--- TRY IT ---
The lines from the start of the records through the one containing "assert (Hr : 0 < r s" are to be transcribed exactly, and nothing else.

--- Stored items ---
-------

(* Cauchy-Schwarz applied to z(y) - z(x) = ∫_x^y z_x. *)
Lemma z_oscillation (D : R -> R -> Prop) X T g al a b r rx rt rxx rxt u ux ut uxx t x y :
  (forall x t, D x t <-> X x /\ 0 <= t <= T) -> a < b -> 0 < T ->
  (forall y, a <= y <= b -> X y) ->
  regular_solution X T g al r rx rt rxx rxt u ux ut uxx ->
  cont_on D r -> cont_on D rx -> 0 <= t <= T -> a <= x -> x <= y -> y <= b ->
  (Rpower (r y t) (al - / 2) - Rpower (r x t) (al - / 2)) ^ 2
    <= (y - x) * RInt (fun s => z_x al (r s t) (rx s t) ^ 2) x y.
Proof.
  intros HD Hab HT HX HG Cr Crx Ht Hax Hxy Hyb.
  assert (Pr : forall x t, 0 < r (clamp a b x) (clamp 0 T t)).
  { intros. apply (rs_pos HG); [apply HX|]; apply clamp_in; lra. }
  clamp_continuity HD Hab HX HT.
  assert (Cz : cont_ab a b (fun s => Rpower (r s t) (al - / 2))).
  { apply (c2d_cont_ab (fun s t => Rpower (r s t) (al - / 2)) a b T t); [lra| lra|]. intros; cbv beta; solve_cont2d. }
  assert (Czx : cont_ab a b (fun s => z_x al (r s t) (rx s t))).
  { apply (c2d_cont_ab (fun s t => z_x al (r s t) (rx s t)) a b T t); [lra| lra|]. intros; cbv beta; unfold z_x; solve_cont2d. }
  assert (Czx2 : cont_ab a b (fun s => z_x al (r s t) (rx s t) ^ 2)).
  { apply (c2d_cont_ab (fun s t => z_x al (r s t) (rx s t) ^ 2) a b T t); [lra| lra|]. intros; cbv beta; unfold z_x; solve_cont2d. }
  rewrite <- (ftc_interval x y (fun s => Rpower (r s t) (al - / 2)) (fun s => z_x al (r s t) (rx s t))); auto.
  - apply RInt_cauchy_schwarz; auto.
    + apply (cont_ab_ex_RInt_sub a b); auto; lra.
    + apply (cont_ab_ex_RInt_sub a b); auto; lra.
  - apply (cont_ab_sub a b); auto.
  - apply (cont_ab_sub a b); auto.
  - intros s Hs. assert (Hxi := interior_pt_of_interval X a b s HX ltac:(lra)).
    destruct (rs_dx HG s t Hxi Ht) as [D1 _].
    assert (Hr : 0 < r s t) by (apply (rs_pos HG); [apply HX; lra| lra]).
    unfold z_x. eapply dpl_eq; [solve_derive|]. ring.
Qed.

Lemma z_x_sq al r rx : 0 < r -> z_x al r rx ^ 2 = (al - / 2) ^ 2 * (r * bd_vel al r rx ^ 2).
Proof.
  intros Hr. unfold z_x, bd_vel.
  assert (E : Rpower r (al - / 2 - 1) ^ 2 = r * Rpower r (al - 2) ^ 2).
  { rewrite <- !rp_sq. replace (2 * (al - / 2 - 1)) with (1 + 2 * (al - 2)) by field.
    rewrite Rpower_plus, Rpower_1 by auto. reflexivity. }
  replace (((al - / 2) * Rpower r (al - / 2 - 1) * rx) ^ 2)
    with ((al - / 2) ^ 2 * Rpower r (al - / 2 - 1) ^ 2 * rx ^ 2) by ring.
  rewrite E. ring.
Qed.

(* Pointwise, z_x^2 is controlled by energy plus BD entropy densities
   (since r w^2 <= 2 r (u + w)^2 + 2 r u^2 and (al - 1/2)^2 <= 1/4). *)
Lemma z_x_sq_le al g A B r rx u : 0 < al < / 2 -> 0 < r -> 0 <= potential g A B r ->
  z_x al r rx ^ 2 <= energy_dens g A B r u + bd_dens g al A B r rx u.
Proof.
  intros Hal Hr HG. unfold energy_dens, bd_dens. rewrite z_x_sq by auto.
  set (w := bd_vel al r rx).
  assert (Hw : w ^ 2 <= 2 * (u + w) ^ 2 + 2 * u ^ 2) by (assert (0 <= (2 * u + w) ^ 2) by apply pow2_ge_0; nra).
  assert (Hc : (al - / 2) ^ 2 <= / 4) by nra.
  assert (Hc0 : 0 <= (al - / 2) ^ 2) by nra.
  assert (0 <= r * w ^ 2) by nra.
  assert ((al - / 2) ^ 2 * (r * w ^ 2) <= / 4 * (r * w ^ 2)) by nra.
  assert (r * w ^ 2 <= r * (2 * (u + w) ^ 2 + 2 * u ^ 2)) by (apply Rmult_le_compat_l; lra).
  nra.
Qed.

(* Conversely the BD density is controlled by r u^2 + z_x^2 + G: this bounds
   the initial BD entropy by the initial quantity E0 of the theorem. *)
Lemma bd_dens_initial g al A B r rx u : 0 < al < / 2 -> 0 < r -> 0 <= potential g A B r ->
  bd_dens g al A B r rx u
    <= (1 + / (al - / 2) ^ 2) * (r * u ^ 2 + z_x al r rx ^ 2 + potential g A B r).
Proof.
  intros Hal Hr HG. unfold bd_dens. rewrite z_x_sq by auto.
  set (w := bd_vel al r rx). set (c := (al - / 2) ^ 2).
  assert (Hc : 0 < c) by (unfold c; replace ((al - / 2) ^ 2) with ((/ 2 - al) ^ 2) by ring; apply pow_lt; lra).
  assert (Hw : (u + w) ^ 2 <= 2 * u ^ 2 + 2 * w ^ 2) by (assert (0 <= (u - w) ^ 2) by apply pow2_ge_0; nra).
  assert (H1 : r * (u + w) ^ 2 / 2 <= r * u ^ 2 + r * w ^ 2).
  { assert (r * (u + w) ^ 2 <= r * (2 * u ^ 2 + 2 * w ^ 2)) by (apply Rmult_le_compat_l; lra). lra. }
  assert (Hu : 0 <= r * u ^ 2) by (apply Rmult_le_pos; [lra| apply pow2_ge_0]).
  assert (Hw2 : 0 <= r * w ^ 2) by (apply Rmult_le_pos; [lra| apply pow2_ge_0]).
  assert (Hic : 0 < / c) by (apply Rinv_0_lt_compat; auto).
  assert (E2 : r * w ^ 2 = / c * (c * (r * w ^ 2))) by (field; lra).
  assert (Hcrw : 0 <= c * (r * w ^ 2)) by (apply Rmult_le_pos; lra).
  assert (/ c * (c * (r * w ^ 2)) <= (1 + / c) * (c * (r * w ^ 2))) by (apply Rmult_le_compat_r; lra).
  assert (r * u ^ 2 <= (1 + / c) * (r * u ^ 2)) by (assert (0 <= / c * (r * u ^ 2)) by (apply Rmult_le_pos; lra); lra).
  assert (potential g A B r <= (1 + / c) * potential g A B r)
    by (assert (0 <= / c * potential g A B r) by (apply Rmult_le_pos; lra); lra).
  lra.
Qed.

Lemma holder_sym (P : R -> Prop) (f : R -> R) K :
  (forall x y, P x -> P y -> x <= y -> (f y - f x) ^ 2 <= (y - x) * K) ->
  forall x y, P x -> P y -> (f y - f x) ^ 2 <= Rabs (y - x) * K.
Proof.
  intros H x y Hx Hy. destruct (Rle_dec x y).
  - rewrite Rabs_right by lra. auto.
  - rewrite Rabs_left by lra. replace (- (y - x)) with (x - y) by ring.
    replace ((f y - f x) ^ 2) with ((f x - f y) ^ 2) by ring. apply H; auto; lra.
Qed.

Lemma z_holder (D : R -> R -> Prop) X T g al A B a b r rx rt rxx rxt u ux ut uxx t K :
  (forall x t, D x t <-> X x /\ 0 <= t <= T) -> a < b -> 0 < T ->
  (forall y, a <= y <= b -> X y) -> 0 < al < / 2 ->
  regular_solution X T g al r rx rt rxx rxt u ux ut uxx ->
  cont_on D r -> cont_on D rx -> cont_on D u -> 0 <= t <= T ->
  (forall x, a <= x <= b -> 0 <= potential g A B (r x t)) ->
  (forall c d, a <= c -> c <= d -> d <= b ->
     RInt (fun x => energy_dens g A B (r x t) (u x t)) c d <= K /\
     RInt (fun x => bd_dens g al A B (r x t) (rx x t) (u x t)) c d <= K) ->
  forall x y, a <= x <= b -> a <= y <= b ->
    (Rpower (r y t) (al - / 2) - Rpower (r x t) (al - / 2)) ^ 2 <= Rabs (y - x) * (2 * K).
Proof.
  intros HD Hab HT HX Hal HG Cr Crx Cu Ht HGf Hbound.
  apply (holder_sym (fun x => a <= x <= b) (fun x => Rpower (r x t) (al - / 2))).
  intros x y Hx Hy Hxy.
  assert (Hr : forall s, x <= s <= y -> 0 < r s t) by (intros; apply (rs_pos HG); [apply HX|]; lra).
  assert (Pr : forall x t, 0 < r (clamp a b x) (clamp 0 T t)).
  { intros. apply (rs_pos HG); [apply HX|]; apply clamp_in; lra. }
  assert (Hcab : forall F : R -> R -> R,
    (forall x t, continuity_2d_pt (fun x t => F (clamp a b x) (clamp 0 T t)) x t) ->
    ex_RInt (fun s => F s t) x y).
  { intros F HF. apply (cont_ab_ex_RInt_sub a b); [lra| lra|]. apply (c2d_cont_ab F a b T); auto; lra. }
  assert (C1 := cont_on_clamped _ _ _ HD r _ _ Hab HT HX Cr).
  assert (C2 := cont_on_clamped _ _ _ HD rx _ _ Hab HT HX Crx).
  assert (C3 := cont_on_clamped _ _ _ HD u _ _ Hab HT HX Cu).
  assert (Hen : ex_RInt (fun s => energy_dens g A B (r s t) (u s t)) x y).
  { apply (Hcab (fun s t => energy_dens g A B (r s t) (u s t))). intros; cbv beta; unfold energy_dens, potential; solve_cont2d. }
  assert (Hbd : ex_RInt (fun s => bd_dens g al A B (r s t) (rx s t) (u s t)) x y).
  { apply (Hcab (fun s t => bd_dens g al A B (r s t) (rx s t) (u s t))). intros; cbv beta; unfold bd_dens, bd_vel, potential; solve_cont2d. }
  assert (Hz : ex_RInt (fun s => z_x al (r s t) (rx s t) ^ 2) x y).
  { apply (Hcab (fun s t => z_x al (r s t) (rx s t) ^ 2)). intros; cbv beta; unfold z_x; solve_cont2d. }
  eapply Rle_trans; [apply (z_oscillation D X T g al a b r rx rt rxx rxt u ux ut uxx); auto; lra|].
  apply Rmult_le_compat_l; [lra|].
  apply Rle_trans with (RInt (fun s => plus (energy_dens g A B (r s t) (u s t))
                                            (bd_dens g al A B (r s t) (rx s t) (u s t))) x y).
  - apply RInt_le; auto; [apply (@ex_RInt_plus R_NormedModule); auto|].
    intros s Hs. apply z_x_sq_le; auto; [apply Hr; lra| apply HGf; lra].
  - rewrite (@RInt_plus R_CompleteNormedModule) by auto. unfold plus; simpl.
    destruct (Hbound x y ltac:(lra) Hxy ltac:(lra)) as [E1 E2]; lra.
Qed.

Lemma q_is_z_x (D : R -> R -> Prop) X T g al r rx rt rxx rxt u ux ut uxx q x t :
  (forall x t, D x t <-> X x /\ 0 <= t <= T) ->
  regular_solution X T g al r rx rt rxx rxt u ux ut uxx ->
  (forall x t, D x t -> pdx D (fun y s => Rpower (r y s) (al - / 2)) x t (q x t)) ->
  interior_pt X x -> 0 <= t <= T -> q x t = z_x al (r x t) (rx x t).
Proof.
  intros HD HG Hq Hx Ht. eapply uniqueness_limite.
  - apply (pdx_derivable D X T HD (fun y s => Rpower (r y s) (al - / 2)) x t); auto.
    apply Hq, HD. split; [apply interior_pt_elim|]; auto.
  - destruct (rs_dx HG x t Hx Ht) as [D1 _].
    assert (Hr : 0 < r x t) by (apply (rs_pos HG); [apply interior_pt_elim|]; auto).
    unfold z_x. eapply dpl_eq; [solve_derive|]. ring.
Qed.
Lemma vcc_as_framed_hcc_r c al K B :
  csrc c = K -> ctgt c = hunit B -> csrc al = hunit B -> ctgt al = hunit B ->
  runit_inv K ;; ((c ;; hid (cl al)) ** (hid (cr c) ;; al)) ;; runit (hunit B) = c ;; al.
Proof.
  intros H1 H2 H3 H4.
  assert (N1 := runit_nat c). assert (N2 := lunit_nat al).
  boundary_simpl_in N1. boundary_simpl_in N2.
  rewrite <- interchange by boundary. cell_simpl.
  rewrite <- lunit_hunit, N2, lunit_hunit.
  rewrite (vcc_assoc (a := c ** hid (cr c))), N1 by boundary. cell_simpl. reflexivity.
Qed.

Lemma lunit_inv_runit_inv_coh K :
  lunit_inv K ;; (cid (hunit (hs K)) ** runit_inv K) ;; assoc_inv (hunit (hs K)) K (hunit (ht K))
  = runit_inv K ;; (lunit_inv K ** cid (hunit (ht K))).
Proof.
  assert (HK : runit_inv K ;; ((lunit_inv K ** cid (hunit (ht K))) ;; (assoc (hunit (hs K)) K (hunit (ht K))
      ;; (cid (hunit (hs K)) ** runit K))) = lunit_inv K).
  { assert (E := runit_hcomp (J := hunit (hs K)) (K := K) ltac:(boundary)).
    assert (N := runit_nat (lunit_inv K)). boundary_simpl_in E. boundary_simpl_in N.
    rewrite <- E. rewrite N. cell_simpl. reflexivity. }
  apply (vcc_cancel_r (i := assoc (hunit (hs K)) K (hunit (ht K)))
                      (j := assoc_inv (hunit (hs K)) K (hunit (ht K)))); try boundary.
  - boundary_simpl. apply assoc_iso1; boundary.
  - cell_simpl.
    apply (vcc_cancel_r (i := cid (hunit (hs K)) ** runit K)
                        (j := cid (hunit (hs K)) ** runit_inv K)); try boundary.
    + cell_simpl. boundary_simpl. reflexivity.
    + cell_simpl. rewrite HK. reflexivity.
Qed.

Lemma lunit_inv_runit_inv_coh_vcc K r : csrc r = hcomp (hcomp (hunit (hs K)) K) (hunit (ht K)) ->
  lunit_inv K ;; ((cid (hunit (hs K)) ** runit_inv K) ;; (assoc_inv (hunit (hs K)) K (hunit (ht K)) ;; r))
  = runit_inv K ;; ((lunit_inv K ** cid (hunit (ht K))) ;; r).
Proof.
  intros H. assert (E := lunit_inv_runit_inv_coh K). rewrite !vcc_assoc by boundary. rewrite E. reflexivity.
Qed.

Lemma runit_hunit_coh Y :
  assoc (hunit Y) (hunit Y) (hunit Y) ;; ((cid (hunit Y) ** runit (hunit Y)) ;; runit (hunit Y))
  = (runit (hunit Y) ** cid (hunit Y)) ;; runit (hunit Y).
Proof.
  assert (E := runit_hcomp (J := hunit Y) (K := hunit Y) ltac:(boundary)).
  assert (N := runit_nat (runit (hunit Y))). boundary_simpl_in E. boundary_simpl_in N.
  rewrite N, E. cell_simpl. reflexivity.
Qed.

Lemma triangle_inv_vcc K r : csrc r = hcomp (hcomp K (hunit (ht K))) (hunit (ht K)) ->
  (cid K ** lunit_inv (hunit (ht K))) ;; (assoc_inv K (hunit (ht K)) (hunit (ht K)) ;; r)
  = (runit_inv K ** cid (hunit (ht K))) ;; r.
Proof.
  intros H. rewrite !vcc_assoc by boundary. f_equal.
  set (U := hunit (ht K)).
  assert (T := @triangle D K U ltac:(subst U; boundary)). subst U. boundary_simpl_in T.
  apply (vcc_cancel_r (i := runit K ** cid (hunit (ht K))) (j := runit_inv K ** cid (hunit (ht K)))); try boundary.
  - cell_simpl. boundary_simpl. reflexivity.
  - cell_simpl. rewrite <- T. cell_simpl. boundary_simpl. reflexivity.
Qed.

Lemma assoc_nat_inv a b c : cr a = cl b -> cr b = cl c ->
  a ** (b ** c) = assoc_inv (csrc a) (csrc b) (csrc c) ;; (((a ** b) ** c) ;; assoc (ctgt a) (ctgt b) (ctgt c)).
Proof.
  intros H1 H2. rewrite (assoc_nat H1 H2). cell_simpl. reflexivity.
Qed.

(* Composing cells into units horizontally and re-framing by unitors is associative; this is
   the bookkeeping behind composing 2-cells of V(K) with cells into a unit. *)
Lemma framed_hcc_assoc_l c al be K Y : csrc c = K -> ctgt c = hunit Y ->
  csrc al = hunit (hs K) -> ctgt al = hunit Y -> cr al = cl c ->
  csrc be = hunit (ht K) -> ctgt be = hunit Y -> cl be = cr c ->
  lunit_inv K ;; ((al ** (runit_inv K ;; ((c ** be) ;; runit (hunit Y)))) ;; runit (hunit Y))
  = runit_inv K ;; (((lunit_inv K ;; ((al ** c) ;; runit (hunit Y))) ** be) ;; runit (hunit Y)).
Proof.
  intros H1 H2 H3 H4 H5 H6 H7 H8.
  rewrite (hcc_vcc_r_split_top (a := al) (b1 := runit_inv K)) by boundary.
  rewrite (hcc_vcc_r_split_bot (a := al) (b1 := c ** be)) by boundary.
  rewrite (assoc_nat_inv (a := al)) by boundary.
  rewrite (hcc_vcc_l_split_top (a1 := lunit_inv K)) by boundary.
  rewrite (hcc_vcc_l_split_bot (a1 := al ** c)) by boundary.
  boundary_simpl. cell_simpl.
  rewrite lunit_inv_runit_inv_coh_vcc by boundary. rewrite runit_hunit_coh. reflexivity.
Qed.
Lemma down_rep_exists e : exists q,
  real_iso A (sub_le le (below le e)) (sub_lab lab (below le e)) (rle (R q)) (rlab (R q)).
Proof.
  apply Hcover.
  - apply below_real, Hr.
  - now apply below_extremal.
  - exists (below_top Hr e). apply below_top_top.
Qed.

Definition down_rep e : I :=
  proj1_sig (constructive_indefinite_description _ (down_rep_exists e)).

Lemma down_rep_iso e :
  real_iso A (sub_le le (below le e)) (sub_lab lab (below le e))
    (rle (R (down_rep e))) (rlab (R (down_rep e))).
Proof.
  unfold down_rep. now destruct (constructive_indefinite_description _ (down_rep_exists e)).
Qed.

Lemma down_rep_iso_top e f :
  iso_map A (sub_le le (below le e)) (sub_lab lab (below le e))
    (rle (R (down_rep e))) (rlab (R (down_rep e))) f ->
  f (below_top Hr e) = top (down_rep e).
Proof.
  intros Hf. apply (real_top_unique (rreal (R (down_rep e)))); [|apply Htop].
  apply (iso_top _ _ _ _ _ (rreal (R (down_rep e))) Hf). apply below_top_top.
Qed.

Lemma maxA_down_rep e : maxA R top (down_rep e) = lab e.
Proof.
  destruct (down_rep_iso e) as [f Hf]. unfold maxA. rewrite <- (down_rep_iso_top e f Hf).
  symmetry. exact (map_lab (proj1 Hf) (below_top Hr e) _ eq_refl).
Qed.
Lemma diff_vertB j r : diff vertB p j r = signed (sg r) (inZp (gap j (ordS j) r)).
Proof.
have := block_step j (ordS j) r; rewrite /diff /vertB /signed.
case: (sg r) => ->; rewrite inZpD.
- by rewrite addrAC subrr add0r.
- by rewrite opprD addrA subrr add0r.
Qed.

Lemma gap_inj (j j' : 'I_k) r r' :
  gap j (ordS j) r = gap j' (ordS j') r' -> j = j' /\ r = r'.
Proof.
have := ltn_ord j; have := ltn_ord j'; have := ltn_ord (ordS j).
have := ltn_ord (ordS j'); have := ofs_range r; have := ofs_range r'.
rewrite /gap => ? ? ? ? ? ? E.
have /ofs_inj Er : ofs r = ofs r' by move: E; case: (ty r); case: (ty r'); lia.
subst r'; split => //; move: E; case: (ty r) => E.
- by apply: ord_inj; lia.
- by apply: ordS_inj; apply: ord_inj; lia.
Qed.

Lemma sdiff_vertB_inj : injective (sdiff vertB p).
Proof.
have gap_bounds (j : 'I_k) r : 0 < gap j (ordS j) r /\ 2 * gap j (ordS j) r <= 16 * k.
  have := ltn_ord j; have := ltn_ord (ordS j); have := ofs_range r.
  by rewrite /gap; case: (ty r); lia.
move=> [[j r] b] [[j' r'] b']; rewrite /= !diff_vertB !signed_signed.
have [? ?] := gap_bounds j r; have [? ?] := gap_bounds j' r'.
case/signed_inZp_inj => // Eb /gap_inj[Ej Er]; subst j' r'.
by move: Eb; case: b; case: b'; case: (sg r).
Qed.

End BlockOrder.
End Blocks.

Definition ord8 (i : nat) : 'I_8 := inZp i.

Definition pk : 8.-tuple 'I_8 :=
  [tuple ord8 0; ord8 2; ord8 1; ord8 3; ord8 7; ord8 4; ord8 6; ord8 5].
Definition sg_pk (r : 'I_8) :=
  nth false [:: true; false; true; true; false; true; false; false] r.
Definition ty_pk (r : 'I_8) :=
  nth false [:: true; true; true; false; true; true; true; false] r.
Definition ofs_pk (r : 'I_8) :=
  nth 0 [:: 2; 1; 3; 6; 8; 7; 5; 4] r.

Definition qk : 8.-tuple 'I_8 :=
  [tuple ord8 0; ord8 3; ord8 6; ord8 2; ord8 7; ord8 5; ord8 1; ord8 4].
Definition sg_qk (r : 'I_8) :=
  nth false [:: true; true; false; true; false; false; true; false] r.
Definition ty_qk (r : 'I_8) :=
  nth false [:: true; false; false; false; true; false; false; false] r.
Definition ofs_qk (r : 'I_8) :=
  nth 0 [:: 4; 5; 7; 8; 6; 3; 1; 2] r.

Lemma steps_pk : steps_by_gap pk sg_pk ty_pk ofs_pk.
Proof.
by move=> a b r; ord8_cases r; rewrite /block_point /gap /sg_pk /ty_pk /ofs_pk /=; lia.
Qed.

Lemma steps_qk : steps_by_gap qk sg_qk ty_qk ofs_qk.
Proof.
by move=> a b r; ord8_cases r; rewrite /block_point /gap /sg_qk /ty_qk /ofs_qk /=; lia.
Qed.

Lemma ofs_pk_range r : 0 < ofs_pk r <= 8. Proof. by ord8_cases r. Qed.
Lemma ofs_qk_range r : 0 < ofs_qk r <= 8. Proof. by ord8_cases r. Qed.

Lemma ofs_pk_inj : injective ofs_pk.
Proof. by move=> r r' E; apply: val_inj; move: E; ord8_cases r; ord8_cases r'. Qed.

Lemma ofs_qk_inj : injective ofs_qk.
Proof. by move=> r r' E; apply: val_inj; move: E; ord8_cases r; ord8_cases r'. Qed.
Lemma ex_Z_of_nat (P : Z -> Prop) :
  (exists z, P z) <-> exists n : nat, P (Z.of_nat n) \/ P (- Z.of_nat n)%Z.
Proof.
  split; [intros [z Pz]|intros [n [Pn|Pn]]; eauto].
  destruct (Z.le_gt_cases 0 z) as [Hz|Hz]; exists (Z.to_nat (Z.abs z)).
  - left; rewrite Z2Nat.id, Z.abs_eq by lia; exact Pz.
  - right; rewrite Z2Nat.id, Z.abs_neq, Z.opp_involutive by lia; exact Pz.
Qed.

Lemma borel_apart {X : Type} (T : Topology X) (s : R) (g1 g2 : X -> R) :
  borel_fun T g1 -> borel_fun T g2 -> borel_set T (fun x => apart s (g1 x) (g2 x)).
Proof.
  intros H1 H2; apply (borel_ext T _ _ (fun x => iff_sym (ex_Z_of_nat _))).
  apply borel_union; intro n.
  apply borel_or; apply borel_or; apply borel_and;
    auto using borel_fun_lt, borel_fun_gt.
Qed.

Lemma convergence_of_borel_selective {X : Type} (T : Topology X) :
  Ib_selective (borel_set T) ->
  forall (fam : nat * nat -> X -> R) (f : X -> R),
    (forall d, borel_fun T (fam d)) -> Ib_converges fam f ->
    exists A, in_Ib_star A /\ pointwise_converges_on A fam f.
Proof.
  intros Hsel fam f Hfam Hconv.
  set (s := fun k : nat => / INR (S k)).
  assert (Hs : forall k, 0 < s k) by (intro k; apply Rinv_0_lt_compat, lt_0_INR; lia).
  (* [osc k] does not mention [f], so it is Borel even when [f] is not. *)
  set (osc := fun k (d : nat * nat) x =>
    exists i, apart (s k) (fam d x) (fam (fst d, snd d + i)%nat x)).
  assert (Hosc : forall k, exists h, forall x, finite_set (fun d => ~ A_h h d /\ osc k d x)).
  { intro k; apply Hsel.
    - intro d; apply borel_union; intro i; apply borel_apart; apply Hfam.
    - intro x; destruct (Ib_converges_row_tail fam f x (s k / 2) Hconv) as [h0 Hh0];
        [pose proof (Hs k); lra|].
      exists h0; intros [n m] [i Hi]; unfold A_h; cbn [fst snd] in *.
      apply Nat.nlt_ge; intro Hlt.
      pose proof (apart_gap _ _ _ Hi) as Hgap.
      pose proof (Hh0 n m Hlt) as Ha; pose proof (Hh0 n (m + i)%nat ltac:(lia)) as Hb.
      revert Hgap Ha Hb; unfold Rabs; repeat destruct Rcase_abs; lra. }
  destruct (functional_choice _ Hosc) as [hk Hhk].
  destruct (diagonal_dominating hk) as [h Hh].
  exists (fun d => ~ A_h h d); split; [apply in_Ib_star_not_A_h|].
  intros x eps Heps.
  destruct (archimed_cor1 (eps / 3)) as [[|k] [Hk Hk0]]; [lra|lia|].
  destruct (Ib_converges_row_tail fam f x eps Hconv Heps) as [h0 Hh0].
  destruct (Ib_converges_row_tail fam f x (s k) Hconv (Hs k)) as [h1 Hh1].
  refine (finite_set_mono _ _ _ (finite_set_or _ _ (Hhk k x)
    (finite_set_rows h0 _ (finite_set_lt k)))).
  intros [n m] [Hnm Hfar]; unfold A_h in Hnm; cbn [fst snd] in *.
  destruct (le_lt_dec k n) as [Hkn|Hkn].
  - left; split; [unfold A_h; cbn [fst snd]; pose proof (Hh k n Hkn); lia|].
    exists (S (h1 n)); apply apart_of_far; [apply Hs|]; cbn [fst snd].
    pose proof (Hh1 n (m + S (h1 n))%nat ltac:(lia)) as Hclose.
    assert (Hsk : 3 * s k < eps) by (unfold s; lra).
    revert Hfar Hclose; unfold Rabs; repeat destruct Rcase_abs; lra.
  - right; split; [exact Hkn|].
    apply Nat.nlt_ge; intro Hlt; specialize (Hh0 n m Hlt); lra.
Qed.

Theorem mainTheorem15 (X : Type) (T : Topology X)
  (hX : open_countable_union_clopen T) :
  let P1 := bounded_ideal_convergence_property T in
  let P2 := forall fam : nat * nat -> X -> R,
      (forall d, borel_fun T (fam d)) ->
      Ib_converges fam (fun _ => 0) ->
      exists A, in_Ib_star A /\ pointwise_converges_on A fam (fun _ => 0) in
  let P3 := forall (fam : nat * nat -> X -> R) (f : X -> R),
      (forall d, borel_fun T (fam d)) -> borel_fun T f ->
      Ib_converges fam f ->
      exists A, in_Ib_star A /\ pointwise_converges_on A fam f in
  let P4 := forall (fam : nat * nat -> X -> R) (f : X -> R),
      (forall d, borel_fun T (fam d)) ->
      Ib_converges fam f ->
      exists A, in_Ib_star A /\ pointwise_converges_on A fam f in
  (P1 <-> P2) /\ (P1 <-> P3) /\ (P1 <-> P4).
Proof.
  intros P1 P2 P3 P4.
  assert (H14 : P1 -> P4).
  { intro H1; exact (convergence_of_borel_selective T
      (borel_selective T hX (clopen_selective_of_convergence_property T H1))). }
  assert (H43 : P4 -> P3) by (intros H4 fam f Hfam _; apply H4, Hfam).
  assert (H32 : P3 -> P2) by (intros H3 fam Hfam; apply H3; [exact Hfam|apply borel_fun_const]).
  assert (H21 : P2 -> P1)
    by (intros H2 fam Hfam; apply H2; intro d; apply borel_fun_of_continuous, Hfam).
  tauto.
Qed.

-------

--- ANSWER FOR THIS EXERCISE ---
(* Cauchy-Schwarz applied to z(y) - z(x) = ∫_x^y z_x. *)
Lemma z_oscillation (D : R -> R -> Prop) X T g al a b r rx rt rxx rxt u ux ut uxx t x y :
  (forall x t, D x t <-> X x /\ 0 <= t <= T) -> a < b -> 0 < T ->
  (forall y, a <= y <= b -> X y) ->
  regular_solution X T g al r rx rt rxx rxt u ux ut uxx ->
  cont_on D r -> cont_on D rx -> 0 <= t <= T -> a <= x -> x <= y -> y <= b ->
  (Rpower (r y t) (al - / 2) - Rpower (r x t) (al - / 2)) ^ 2
    <= (y - x) * RInt (fun s => z_x al (r s t) (rx s t) ^ 2) x y.
Proof.
  intros HD Hab HT HX HG Cr Crx Ht Hax Hxy Hyb.
  assert (Pr : forall x t, 0 < r (clamp a b x) (clamp 0 T t)).
  { intros. apply (rs_pos HG); [apply HX|]; apply clamp_in; lra. }
  clamp_continuity HD Hab HX HT.
  assert (Cz : cont_ab a b (fun s => Rpower (r s t) (al - / 2))).
  { apply (c2d_cont_ab (fun s t => Rpower (r s t) (al - / 2)) a b T t); [lra| lra|]. intros; cbv beta; solve_cont2d. }
  assert (Czx : cont_ab a b (fun s => z_x al (r s t) (rx s t))).
  { apply (c2d_cont_ab (fun s t => z_x al (r s t) (rx s t)) a b T t); [lra| lra|]. intros; cbv beta; unfold z_x; solve_cont2d. }
  assert (Czx2 : cont_ab a b (fun s => z_x al (r s t) (rx s t) ^ 2)).
  { apply (c2d_cont_ab (fun s t => z_x al (r s t) (rx s t) ^ 2) a b T t); [lra| lra|]. intros; cbv beta; unfold z_x; solve_cont2d. }
  rewrite <- (ftc_interval x y (fun s => Rpower (r s t) (al - / 2)) (fun s => z_x al (r s t) (rx s t))); auto.
  - apply RInt_cauchy_schwarz; auto.
    + apply (cont_ab_ex_RInt_sub a b); auto; lra.
    + apply (cont_ab_ex_RInt_sub a b); auto; lra.
  - apply (cont_ab_sub a b); auto.
  - apply (cont_ab_sub a b); auto.
  - intros s Hs. assert (Hxi := interior_pt_of_interval X a b s HX ltac:(lra)).
    destruct (rs_dx HG s t Hxi Ht) as [D1 _].
    assert (Hr : 0 < r s t) by (apply (rs_pos HG); [apply HX; lra| lra]).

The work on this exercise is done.